Back and better than ever...

Back and better than ever...

Well, without meaning to I've let over three weeks slip by without a single post. I figured it was high time I posted an update lest you all think I was trapped under something heavy (When Harry Met Sally reference, yes you're welcome).

2013 is off to a great start for me, and I hope for you. Lots of more detailed posts to come but here are a few tidbits of what has me thinking and wondering:

  • First meeting of the Invisible Children board last week. What this group has done and continues to do is nothing short of amazing to me; more to come in the next weeks and months. I couldn't be more honored to be a board member.
  • Spending time applying non-linear regression models to fundraising data -- oh dear, this is really more interesting than it sounds. Hopefully I'll have some way to illustrate that in coming weeks! Stay with me people...
  • Speaking of fundraising data, I'm presenting at the annual Run-Walk-Ride Conference again this year. It's become an annual ritual I very much look forward to. If you're going to be down in Atlanta March 13-14, drop me a line so we can connect.
  • Speaking of fundraising data again, Chuck Longfield of Target Analytics/Blackbaud presented some helpfully alarming statistics about donor retention last week at the Nonprofit DMA conference that are worth your review. I say "helpfully alarming" because there have been people in the industry (like myself, ahem) trying to highlight the need for better engagement for years. Seems like no one wants to listen to the idea that engagement is hard work. Twitter is great for communicating but it ain't gonna magically create more donors for ya! Trust me on this. I'm hoping Chuck's presentation will rattle some cages. More here.
  • Switching the subject before I fall off my high horse, we've recently launched the 2013 Muckfest MS, a series of 18 obstacle races. Think Wipeout. With mud. And beer.
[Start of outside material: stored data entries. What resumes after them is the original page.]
(* Fix $n\ge 1$. List all periodic canonical increment arrays over all coalition sizes $s=1,\ldots,n$ in some fixed order as $\underline{t}^{(1)},\ldots,\underline{t}^{(M)}$, where $M=\sum_{s=1}^{n}|\mathcal{P}(n,s)|$. For $\underline{t}^{(j)}$ of size $s_j$ let $d^{(j)}=n\,\pi(\underline{t}^{(j)})/s_j$, and let $H_1=0$, $H_j=\sum_{i=1}^{j-1}d^{(i)}$. Say agent $x\in\{1,\ldots,n\}$ is designated for $\underline{t}^{(j)}$ iff $(x-1-H_j)\bmod n<d^{(j)}$ (with $\bmod$ taking values in $\{0,\ldots,n-1\}$). Define the total allocation of agent $x$ as \[CV_x=\bigcup_{s=1}^{n}\{C(x,\underline{t}):\underline{t}\in\mathcal{A}(n,s)\}\;\cup\;\{C(x,\underline{t}^{(j)}):1\le j\le M,\ x\text{ designated for }\underline{t}^{(j)}\}.\] Then for every agent $x\in\{1,\ldots,n\}$, \[\left\lfloor\frac{2^n-1}{n}\right\rfloor\le|CV_x|\le\left\lceil\frac{2^n-1}{n}\right\rceil,\] so the total numbers of coalitions allocated to any two agents differ by at most one.
   Context: Agent identifiers are $\{1,\ldots,n\}$, arithmetic on identifiers is modulo $n$ with representatives in $\{1,\ldots,n\}$ (a value $0$ is replaced by $n$). An increment array (IA) of size $s$ ($1\le s\le n$) for $n$ agents is a tuple $\underline{t}=\langle t_0,\ldots,t_{s-1}\rangle$ of non-negative integers with $\sum t_i=n-s$. Cumulative increments: $\varphi_1=0$, $\varphi_i=\sum_{k=0}^{i-2}(t_k+1)$ for $2\le i\le s+1$. The coalition generated from $x$ is $C(x,\underline{t})=\{x\}\cup\bigcup_{i=2}^{s}\{(x+\varphi_i)\bmod n\}$ (residues in $\{1,\ldots,n\}$). Two IAs of the same size are equivalent ($\approx$) if one is a circular shift of the other; the canonical representative of an equivalence class is its lexicographically smallest member. $\mathcal{E}(n,s)$ is the set of canonical representatives of IAs of size $s$. The period $\pi(\underline{t})$ is the least $p\in\{1,\ldots,s\}$ such that $\underline{t}$ consists of $s/p$ identical consecutive copies of its first $p$ entries. $\mathcal{A}(n,s)=\{\underline{t}\in\mathcal{E}(n,s):\pi(\underline{t})=s\}$ (aperiodic) and $\mathcal{P}(n,s)=\{\underline{t}\in\mathcal{E}(n,s):\pi(\underline{t})<s\}$ (periodic). *)

From mathcomp Require Import all_boot all_order all_algebra.
From mathcomp Require Import finmap.
Set Implicit Arguments. Unset Strict Implicit. Unset Printing Implicit Defensive.
Local Open Scope fset_scope.

Definition modrep (n a : nat) : nat := if a %% n == 0 then n else a %% n.

Fixpoint lexle (a b : seq nat) : bool :=
  match a, b with
  | [::], _ => true
  | _ :: _, [::] => false
  | x :: a', y :: b' => (x < y) || ((x == y) && lexle a' b')
  end.

Definition is_IA (n s : nat) (t : seq nat) : bool :=
  [&& 1 <= s, s <= n, size t == s & sumn t == n - s].

Definition canonical (t : seq nat) : bool :=
  all (fun k => lexle t (rot k t)) (iota 0 (size t)).

Definition inE (n s : nat) (t : seq nat) : bool := is_IA n s t && canonical t.

Definition repeats (t : seq nat) (p : nat) : bool :=
  (p %| size t) && (t == flatten (nseq (size t %/ p) (take p t))).

Definition period (t : seq nat) : nat :=
  head (size t) [seq p <- iota 1 (size t) | repeats t p].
You need it. Give it a look here.
  • Ulrich Schnauss, who has the best name in music, released his new album A Long Way To Fall today. I love everything he does and would recommend it without question.
  • Speaking of music, am I the only one who thinks the new version of iTunes is atrocious?
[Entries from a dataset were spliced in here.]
(* Let $p,w,v$ be positive integers with $1\le v\le w$, let $\mathbf{A}$ be a $p\times p$ matrix and $\mathbf{B}$ a $w\times p$ matrix over $\mathbb{F}_2$, and let $\mathbf{x}_0\in\mathbb{F}_2^p$ be a nonzero initial state. Define $\mathbf{x}_i=\mathbf{A}\mathbf{x}_{i-1}$ and $\mathbf{y}_i=\mathbf{B}\mathbf{x}_i={}^t(y_{i,0},\dots,y_{i,w-1})$ for $i\ge 0$. Assume the characteristic polynomial $P(z)=\det(\mathbf{I}z-\mathbf{A})$ is irreducible over $\mathbb{F}_2$ (e.g. primitive), and that $h_0(z)\neq 0$ (notation as in the context). Let $k\ge 1$ and $w_{j,l-1}\in\mathbb{F}_2$ for $0\le j\le k-1$, $1\le l\le v$, and put $w_{l-1}(z):=\sum_{j=0}^{k-1}w_{j,l-1}z^j\in\mathbb{F}_2[z]$. Then $$\sum_{l=1}^{v}\sum_{j=0}^{k-1} w_{j,l-1}\,y_{i+j,l-1}=0\quad\text{for all } i\ge 0$$ holds if and only if ${}^t(w_0(z),\dots,w_{v-1}(z))\in\mathcal{L}_v^*$.
   Context: For $1\le l\le w$ define the formal power series $G_{l-1}(z):=\sum_{i=0}^\infty y_{i,l-1}z^{-i-1}\in\mathbb{F}_2((z^{-1}))$. Each has the rational form $G_{l-1}(z)=h_{l-1}(z)/P(z)$ with $h_{l-1}(z)\in\mathbb{F}_2[z]$, $\deg h_{l-1}<\deg P$. Assuming $P$ irreducible and $h_0\neq 0$, let $h_0^{-1}(z)$ denote a polynomial inverse of $h_0(z)$ modulo $P(z)$ and set $\bar h_{l-1}(z):=h_0^{-1}(z)h_{l-1}(z)\bmod P(z)$ for $2\le l\le v$. The Couture–L'Ecuyer dual lattice is the $\mathbb{F}_2[z]$-submodule $\mathcal{L}_v^*\subset\mathbb{F}_2[z]^v$ spanned over $\mathbb{F}_2[z]$ by $\mathbf{w}_1(z)={}^t(P(z),0,\dots,0)$ and $\mathbf{w}_{l}(z)={}^t(-\bar h_{l-1}(z),0,\dots,0,1,0,\dots,0)$ for $2\le l\le v$, where the entry $1$ is in coordinate $l$ (signs are irrelevant over $\mathbb{F}_2$). *)

From HB Require Import structures.
From mathcomp Require Import all_boot all_order all_algebra.
Set Implicit Arguments. Unset Strict Implicit. Unset Printing Implicit Defensive.
Import GRing.Theory.
Local Open Scope ring_scope.

Definition yout (F : fieldType) (p w : nat) (A : 'M[F]_p) (B : 'M[F]_(w, p))
  (x0 : 'cV[F]_p) (i : nat) (l : 'I_w) : F :=
  (B *m (A ^+ i *m x0)) l 0.

(* The formal Laurent series G(z) = sum_{i>=0} y_i z^{-i-1} has the rational
   form h(z)/P(z) with deg h < deg P, i.e. P(z) G(z) = h(z) in F((z^{-1})),
   compared coefficientwise:
   - coefficient of z^{-n-1} (n >= 0) of P*G is sum_k P_k y_{k+n}, must be 0;
   - coefficient of z^m (m >= 0) of P*G is sum_{k>m} P_k y_{k-m-1}, must be h_m. *)
Definition rational_form (F : fieldType) (y : nat -> F) (h P : {poly F}) : Prop :=
  [/\ (size h < size P)%N,
      (forall n : nat, \sum_(k < size P) P`_k * y (k + n)%N = 0) &
      (forall m : nat, \sum_(k < size P | (m < k)%N) P`_k * y (k - m - 1)%N = h`_m)].

(* Generators of the Couture--L'Ecuyer dual lattice L_v^* (0-based coordinates):
   generator 0 is (P, 0, ..., 0); generator l >= 1 is
   (-hbar l, 0, ..., 1 (at coordinate l), ..., 0). *)
Definition dual_gen (F : fieldType) (v : nat) (P : {poly F}) (hbar : 'I_v -> {poly F})
  (l j : 'I_v) : {poly F} :=
  if (val l == 0)%N then (if (val j == 0)%N then P else 0)
  else if (val j == 0)%N then - hbar l
  else if j == l then 1 else 0.

Definition in_dual_lattice (F : fieldType) (v : nat) (P : {poly F})
  (hbar : 'I_v -> {poly F}) (W : 'I_v -> {poly F}) : Prop :=
  exists c : 'I_v -> {poly F},
    forall j : 'I_v, W j = \sum_(l < v) c l * dual_gen P hbar l j.

(* For a polynomial P and a sequence y satisfying the linear recurrence with
   characteristic polynomial P, the numerator N(y) is the polynomial part of
   P(z) G_y(z), where G_y(z) = sum_i y_i z^{-i-1}; its coefficients are
   N(y)_m = sum_{k>m} P_k y_{k-m-1}, so size N(y) < size P.  We prove:
   - N is linear, and recurrent sequences are closed under sums, scalings
     and shifts;
   - shifting y by j multiplies N(y) by z^j modulo P;
   - for monic P, N is injective on recurrent sequences, and P | N(y)
     forces N(y) = 0.
   Hence the relation u_i = sum_l sum_j w_{j,l} y_{i+j,l} vanishes for all i
   iff N(u) = 0 iff P | sum_l w_l(z) h_l(z).  Finally, since h_0^{-1} h_0 = 1
   modulo P, the vector (w_l)_l lies in L_v^* iff P | sum_l w_l h_l.
   The proposition combines these two equivalences; irreducibility of P only
   serves to provide the inverse h_0^{-1}, which is given as a hypothesis. *)

From HB Require Import structures.
From mathcomp Require Import all_boot all_order all_algebra zify ring.
Set Implicit Arguments. Unset Strict Implicit. Unset Printing Implicit Defensive.
Import GRing.Theory.
Local Open Scope ring_scope.

Lemma dvdp_bigsum (F : fieldType) (I : Type) (r : seq I) (Q : pred I)
    (f : I -> {poly F}) (d : {poly F}) :
  (forall i, Q i -> d %| f i) -> d %| \sum_(i <- r | Q i) f i.
Proof.
move=> df; apply: (big_ind (fun x => d %| x)); [exact: dvdp0 | exact: dvdp_add | exact: df].
Qed.

Lemma dvdp_congr (F : fieldType) (d a b : {poly F}) :
  d %| a - b -> (d %| a) = (d %| b).
Proof. by move=> dab; rewrite -[in LHS](subrK b a) dvdp_addr. Qed.

Lemma dvdp_sub_modp (F : fieldType) (d q : {poly F}) : d %| q - q %% d.
Proof. by rewrite {1}(divp_eq q d) addrK dvdp_mull. Qed.

Lemma dvdp_mul_invertible (F : fieldType) (d a b x : {poly F}) :
  (a * b) %% d = 1 -> (d %| b * x) = (d %| x).
Proof.
move=> ab1; apply/idP/idP => [d_bx | d_x]; last exact: dvdp_mull.
have d_ab1 : d %| a * b - 1 by rewrite -[X in _ - X]ab1 dvdp_sub_modp.
rewrite -(dvdp_congr (a := a * (b * x))); first exact: dvdp_mull.
by rewrite mulrA -{2}[x]mul1r -mulrBl dvdp_mulr.
Qed.

Section Numerator.
Variables (F : fieldType) (P : {poly F}).

Definition recurrent (y : nat -> F) : Prop :=
  forall n : nat, \sum_(k < size P) P`_k * y (k + n)%N = 0.

(* Coefficient of z^m in P(z) G_y(z). *)
Definition numer_coef (y : nat -> F) (m : nat) : F :=
  \sum_(k < size P | (m < k)%N) P`_k * y (k - m - 1)%N.

Definition numer (y : nat -> F) : {poly F} := \poly_(m < (size P).-1) numer_coef y m.

(* Nat-interval form of the coefficients, convenient for index shifts. *)
Lemma numer_coefE y m :
  numer_coef y m = \sum_(m.+1 <= k < size P) P`_k * y (k - m.+1)%N.
Proof.
rewrite /numer_coef big_geq_mkord; apply: eq_bigr => k _; by rewrite -subnDA addn1.
Qed.

Lemma coef_numer y m : (numer y)`_m = numer_coef y m.
Proof.
rewrite coef_poly; case: ifP => // hm.
rewrite numer_coefE big_geq //.
by case: (size P) hm => //= n; rewrite ltnS => /negbT; rewrite -leqNgt.
Qed.

Lemma eq_numer y1 y2 : y1 =1 y2 -> numer y1 = numer y2.
Proof.
move=> eq_y; apply/polyP => m; rewrite !coef_numer.
by apply: eq_bigr => k _; rewrite eq_y.
Qed.

Lemma numer_sum (I : Type) (r : seq I) (y : I -> nat -> F) :
  numer (fun i => \sum_(x <- r) y x i) = \sum_(x <- r) numer (y x).
Proof.
apply/polyP => m; rewrite coef_numer coef_sum /numer_coef.
under eq_bigr do rewrite mulr_sumr.
by rewrite exchange_big; apply: eq_bigr => x _; rewrite coef_numer.
Qed.

Lemma numerZ (a : F) y : numer (fun i => a * y i) = a *: numer y.
Proof.
apply/polyP => m; rewrite coefZ !coef_numer /numer_coef mulr_sumr.
by apply: eq_bigr => k _; rewrite mulrCA.
Qed.

Lemma recurrent_sum (I : Type) (r : seq I) (y : I -> nat -> F) :
  (forall x, recurrent (y x)) -> recurrent (fun i => \sum_(x <- r) y x i).
Proof.
move=> rec_y n; under eq_bigr do rewrite mulr_sumr.
by rewrite exchange_big big1 // => x _; exact: rec_y.
Qed.

Lemma recurrentZ (a : F) y : recurrent y -> recurrent (fun i => a * y i).
Proof.
move=> rec_y n; under eq_bigr do rewrite mulrCA.
by rewrite -mulr_sumr rec_y mulr0.
Qed.

Lemma recurrent_shift y j : recurrent y -> recurrent (fun i => y (i + j)%N).
Proof.
move=> rec_y n; rewrite -[RHS](rec_y (n + j)%N).
by apply: eq_bigr => k _; rewrite addnA.
Qed.

Lemma numer_shift1 y : (0 < size P)%N -> recurrent y ->
  numer (fun i => y i.+1) = 'X * numer y - y 0%N *: P.
Proof.
move=> P_gt0 rec_y; apply/polyP => m.
rewrite coefB coefXM coefZ !coef_numer !numer_coefE.
case: m => [|m] /=.
  have := rec_y 0%N; rewrite -(big_mkord xpredT (fun k => P`_k * y (k + 0)%N)).
  rewrite big_ltn // => /eqP; rewrite addrC addr_eq0 => /eqP rec0.
  rewrite sub0r mulrC -[y 0%N]/(y (0 + 0)%N) -rec0.
  by apply: eq_big_nat => k /andP[k_gt0 _]; congr (_ * y _); lia.
case: (ltnP m.+1 (size P)) => hm.
  rewrite (big_ltn hm) subnn [P`_m.+1 * _]mulrC [y 0%N * _ + _]addrC addrK.
  by apply: eq_big_nat => k /andP[hk _]; congr (_ * y _); lia.
by rewrite !big_geq ?(leq_trans hm) // nth_default // mulr0 subr0.
Qed.

Lemma numer_shift y j : (0 < size P)%N -> recurrent y ->
  P %| numer (fun i => y (i + j)%N) - 'X^j * numer y.
Proof.
move=> P_gt0 rec_y; elim: j => [|j IH].
  by rewrite expr0 mul1r (@eq_numer _ y) ?subrr ?dvdp0 // => i; rewrite addn0.
rewrite (@eq_numer _ (fun i => y (i.+1 + j)%N)); last by move=> i; rewrite addnS.
rewrite (numer_shift1 P_gt0 (recurrent_shift j rec_y)).
have -> : 'X * numer (fun i => y (i + j)%N) - y (0 + j)%N *: P - 'X^(j.+1) * numer y =
    'X * (numer (fun i => y (i + j)%N) - 'X^j * numer y) - (y (0 + j)%N)%:P * P.
  by rewrite mul_polyC exprS mulrBr mulrA addrAC.
by apply: dvdp_sub; [exact: dvdp_mull | exact: dvdp_mull (dvdpp _)].
Qed.

(* For monic P a recurrent sequence with zero numerator vanishes: by strong
   induction, for i < deg P the coefficient of z^(deg P - i - 1) of N(y)
   isolates y_i, and for i >= deg P the recurrence does. *)
Lemma numer_eq0_seq0 y : P \is monic -> recurrent y -> numer y = 0 ->
  forall i, y i = 0.
Proof.
move=> P_monic rec_y N0.
have hn m : numer_coef y m = 0 by rewrite -coef_numer N0 coef0.
have P_gt0 : (0 < size P)%N by rewrite size_poly_gt0 monic_neq0.
set d := (size P).-1.
have sizeP : size P = d.+1 by rewrite /d prednK.
have leadP : P`_d = 1 by move/monicP: P_monic; rewrite lead_coefE.
elim/ltn_ind => i IH; case: (ltnP i d) => hid.
  have := hn (d - i.+1)%N; rewrite numer_coefE sizeP big_nat_recr /=; last lia.
  rewrite big_nat_cond big1 ?add0r.
    by rewrite leadP mul1r; have -> : (d - (d - i.+1).+1 = i)%N by lia.
  by move=> k /andP[/andP[k1 k2] _]; rewrite IH ?mulr0 //; lia.
have := rec_y (i - d)%N; rewrite sizeP big_ord_recr /= leadP mul1r big1 ?add0r.
  by have -> : (d + (i - d) = i)%N by lia.
by move=> k _; rewrite IH ?mulr0 //; have := ltn_ord k; lia.
Qed.

(* N(y) is reduced modulo P, so P | N(y) forces N(y) = 0. *)
Lemma dvdp_numer_eq0 y : (0 < size P)%N -> P %| numer y -> numer y = 0.
Proof.
move=> P_gt0 /modp_eq0; rewrite modp_small //.
by apply: leq_ltn_trans (size_poly _ _) _; rewrite prednK.
Qed.

Lemma seq_eq0_iff_dvdp_numer y : P \is monic -> recurrent y ->
  (forall i, y i = 0) <-> P %| numer y.
Proof.
move=> P_monic rec_y; have P_gt0 : (0 < size P)%N by rewrite size_poly_gt0 monic_neq0.
split=> [y0 | /(dvdp_numer_eq0 P_gt0)]; last exact: numer_eq0_seq0.
suff -> : numer y = 0 by exact: dvdp0.
apply/polyP => m; rewrite coef_numer coef0 /numer_coef big1 // => k _.
by rewrite y0 mulr0.
Qed.

End Numerator.

Section Relation.
Variables (F : fieldType) (P : {poly F}) (v k : nat).
Variables (Y : 'I_v -> nat -> F) (wt : 'I_k -> 'I_v -> F).
Hypothesis rec_Y : forall l, recurrent P (Y l).

Definition relation_seq (i : nat) : F := \sum_(l < v) \sum_(j < k) wt j l * Y l (i + j)%N.

Definition weight_poly (l : 'I_v) : {poly F} := \sum_(j < k) wt j l *: 'X^j.

Lemma recurrent_relation_seq : recurrent P relation_seq.
Proof.
apply: recurrent_sum => l; apply: recurrent_sum => j.
exact/recurrentZ/recurrent_shift.
Qed.

Lemma numer_relation_seq : (0 < size P)%N ->
  P %| numer P relation_seq - \sum_(l < v) weight_poly l * numer P (Y l).
Proof.
move=> P_gt0; rewrite /relation_seq numer_sum -sumrB; apply: dvdp_bigsum => l _.
rewrite (numer_sum P _ (fun j i => wt j l * Y l (i + j)%N)) /weight_poly mulr_suml -sumrB.
apply: dvdp_bigsum => j _; rewrite numerZ -scalerAl -scalerBr -mul_polyC.
exact/dvdp_mull/numer_shift.
Qed.

Lemma relation_seq_eq0_iff : P \is monic ->
  (forall i, relation_seq i = 0) <-> P %| \sum_(l < v) weight_poly l * numer P (Y l).
Proof.
move=> P_monic; have P_gt0 : (0 < size P)%N by rewrite size_poly_gt0 monic_neq0.
apply: (iff_trans (seq_eq0_iff_dvdp_numer P_monic recurrent_relation_seq)).
by rewrite (dvdp_congr (numer_relation_seq P_gt0)).
Qed.

End Relation.

Section DualLattice.
Variables (F : fieldType) (P : {poly F}) (v : nat) (hbar : 'I_v -> {poly F}).
Variables (l0 : 'I_v) (W : 'I_v -> {poly F}).
Hypothesis l0_first : val l0 = 0%N.

Lemma dual_gen_comb_first c :
  \sum_(l < v) c l * dual_gen P hbar l l0 = c l0 * P - \sum_(l < v | l != l0) c l * hbar l.
Proof.
rewrite (bigD1 l0) //= /dual_gen l0_first eqxx /=.
congr (_ + _); rewrite -sumrN; apply: eq_bigr => l l_neq.
have -> : (val l == 0%N) = false.
  by apply/negbTE; move: l_neq; rewrite -l0_first; apply: contra => /eqP/val_inj ->.
by rewrite mulrN.
Qed.

Lemma dual_gen_comb_other c j : j != l0 -> \sum_(l < v) c l * dual_gen P hbar l j = c j.
Proof.
move=> j_neq; have j_gt0 : val j != 0%N.
  by move: j_neq; rewrite -l0_first; apply: contra => /eqP/val_inj ->.
rewrite (bigD1 j) //= /dual_gen (negbTE j_gt0) eqxx mulr1.
rewrite big1 ?addr0 // => l l_neq.
by case: ifP => _; rewrite ?mulr0 // eq_sym (negbTE l_neq) mulr0.
Qed.

Lemma in_dual_latticeP :
  in_dual_lattice P hbar W <-> P %| W l0 + \sum_(l < v | l != l0) W l * hbar l.
Proof.
split=> [[c Wc] | dvdW].
  have Wl l : l != l0 -> W l = c l by move=> ?; rewrite Wc dual_gen_comb_other.
  rewrite (eq_bigr (fun l => c l * hbar l)); last by move=> l /Wl ->.
  by rewrite Wc dual_gen_comb_first subrK dvdp_mull.
exists (fun l => if l == l0 then (W l0 + \sum_(l < v | l != l0) W l * hbar l) %/ P
                 else W l) => j.
case: (eqVneq j l0) => [->|j_neq]; last by rewrite dual_gen_comb_other // (negbTE j_neq).
rewrite dual_gen_comb_first eqxx divpK //.
rewrite [X in _ - X](eq_bigr (fun l => W l * hbar l)) ?addrK //.
by move=> l /negbTE ->.
Qed.

End DualLattice.

Lemma in_dual_lattice_dvdp (F : fieldType) (P : {poly F}) (v : nat) (l0 : 'I_v)
    (l0_first : val l0 = 0%N) (H W : 'I_v -> {poly F}) (h0inv : {poly F})
    (hinv : (h0inv * H l0) %% P = 1) :
  in_dual_lattice P (fun l => (h0inv * H l) %% P) W <-> P %| \sum_(l < v) W l * H l.
Proof.
set hbar := fun l => (h0inv * H l) %% P.
have hbar_H l : P %| H l - H l0 * hbar l.
  have -> : H l - H l0 * hbar l =
      H l0 * (h0inv * H l - hbar l) - H l * (h0inv * H l0 - 1) by ring.
  apply: dvdp_sub; apply: dvdp_mull; first exact: dvdp_sub_modp.
  by rewrite -[X in _ - X]hinv dvdp_sub_modp.
rewrite (in_dual_latticeP _ _ _ l0_first) -(dvdp_mul_invertible _ hinv).
rewrite (dvdp_congr (b := \sum_(l < v) W l * H l)) //.
rewrite [X in _ - X](bigD1 l0) //= mulrDr mulr_sumr opprD addrACA [W l0 * _]mulrC.
rewrite subrr add0r -sumrB; apply: dvdp_bigsum => l _.
by rewrite mulrCA -mulrBr dvdp_mull // -dvdpNr opprB.
Qed.

Theorem proposition1 (p w v : nat) (hp : (0 < p)%N) (hv1 : (1 <= v)%N) (hvw : (v <= w)%N)
  (A : 'M['F_2]_p) (B : 'M['F_2]_(w, p)) (x0 : 'cV['F_2]_p) (hx0 : x0 != 0)
  (hirr : irreducible_poly (char_poly A))
  (h : 'I_w -> {poly 'F_2})
  (hrat : forall l : 'I_w, rational_form (fun i => yout A B x0 i l) (h l) (char_poly A))
  (i0 : 'I_w) (hi0 : val i0 = 0%N) (hh0 : h i0 != 0)
  (h0inv : {poly 'F_2}) (hinv : (h0inv * h i0) %% char_poly A = 1)
  (k : nat) (hk : (1 <= k)%N) (wt : 'I_k -> 'I_v -> 'F_2) :
  (forall i : nat,
     \sum_(l < v) \sum_(j < k) wt j l * yout A B x0 (i + j)%N (widen_ord hvw l) = 0)
  <->
  in_dual_lattice (char_poly A)
    (fun l : 'I_v => (h0inv * h (widen_ord hvw l)) %% char_poly A)
    (fun l : 'I_v => \sum_(j < k) wt j l *: 'X^j).
Proof.
set P := char_poly A.
set Y := fun (l : 'I_v) i => yout A B x0 i (widen_ord hvw l).
pose l0 : 'I_v := Ordinal hv1.
have l0_i0 : widen_ord hvw l0 = i0 by apply: val_inj; rewrite /= hi0.
have rec_Y l : recurrent P (Y l) by case: (hrat (widen_ord hvw l)).
(* The rational form identifies h_l with the numerator N(Y_l). *)
have h_numer l : h (widen_ord hvw l) = numer P (Y l).
  apply/polyP => m; rewrite coef_numer.
  by case: (hrat (widen_ord hvw l)) => _ _ <-.
rewrite (in_dual_lattice_dvdp (l0 := l0)) /= ?l0_i0 //.
under eq_bigr do rewrite h_numer.
exact: (relation_seq_eq0_iff wt rec_Y (char_poly_monic A)).
Qed.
See, I'm back. :-) More soon.

Another way to look at Hurricane Sandy donations.

Another way to look at Hurricane Sandy donations.

Figure 1: Disaster giving over the last decade. Click to enlarge.

I wanted to follow on Monday's post about the fundraising results from Hurricane Sandy. If you remember, some observers have commented on the fact that the overall donations generated following Sandy have fallen far short of other recent disasters.

Let's first take a look at the fundraising results we looked at on Monday. Figure 1 shows the results of post-disaster fundraising from five recent disasters: the Indian Ocean earthquake and tsunami, Hurricane Katrina, the Haitian earthquake, the Japan earthquake and tsunami, and Hurricane Sandy. The numbers estimate U.S. private giving three weeks after each disaster.

Setting aside for a moment the tragic thought that there seem to be an increasing number of severe natural disasters, we can see that yes, there does appear to be a downward trend in response. Note that I did not access primary data for the graph, and so there are likely to be inevitable inconsistencies in how the numbers were measured. In fact, I can guarantee we're not looking at a strictly apples-to-apples comparison. But we're interested in order of magnitude, and in that sense we can see that both Hurricane Sandy and the Japan earthquake and tsunami seem to have inspired notably less generosity from the U.S. than the other three disasters.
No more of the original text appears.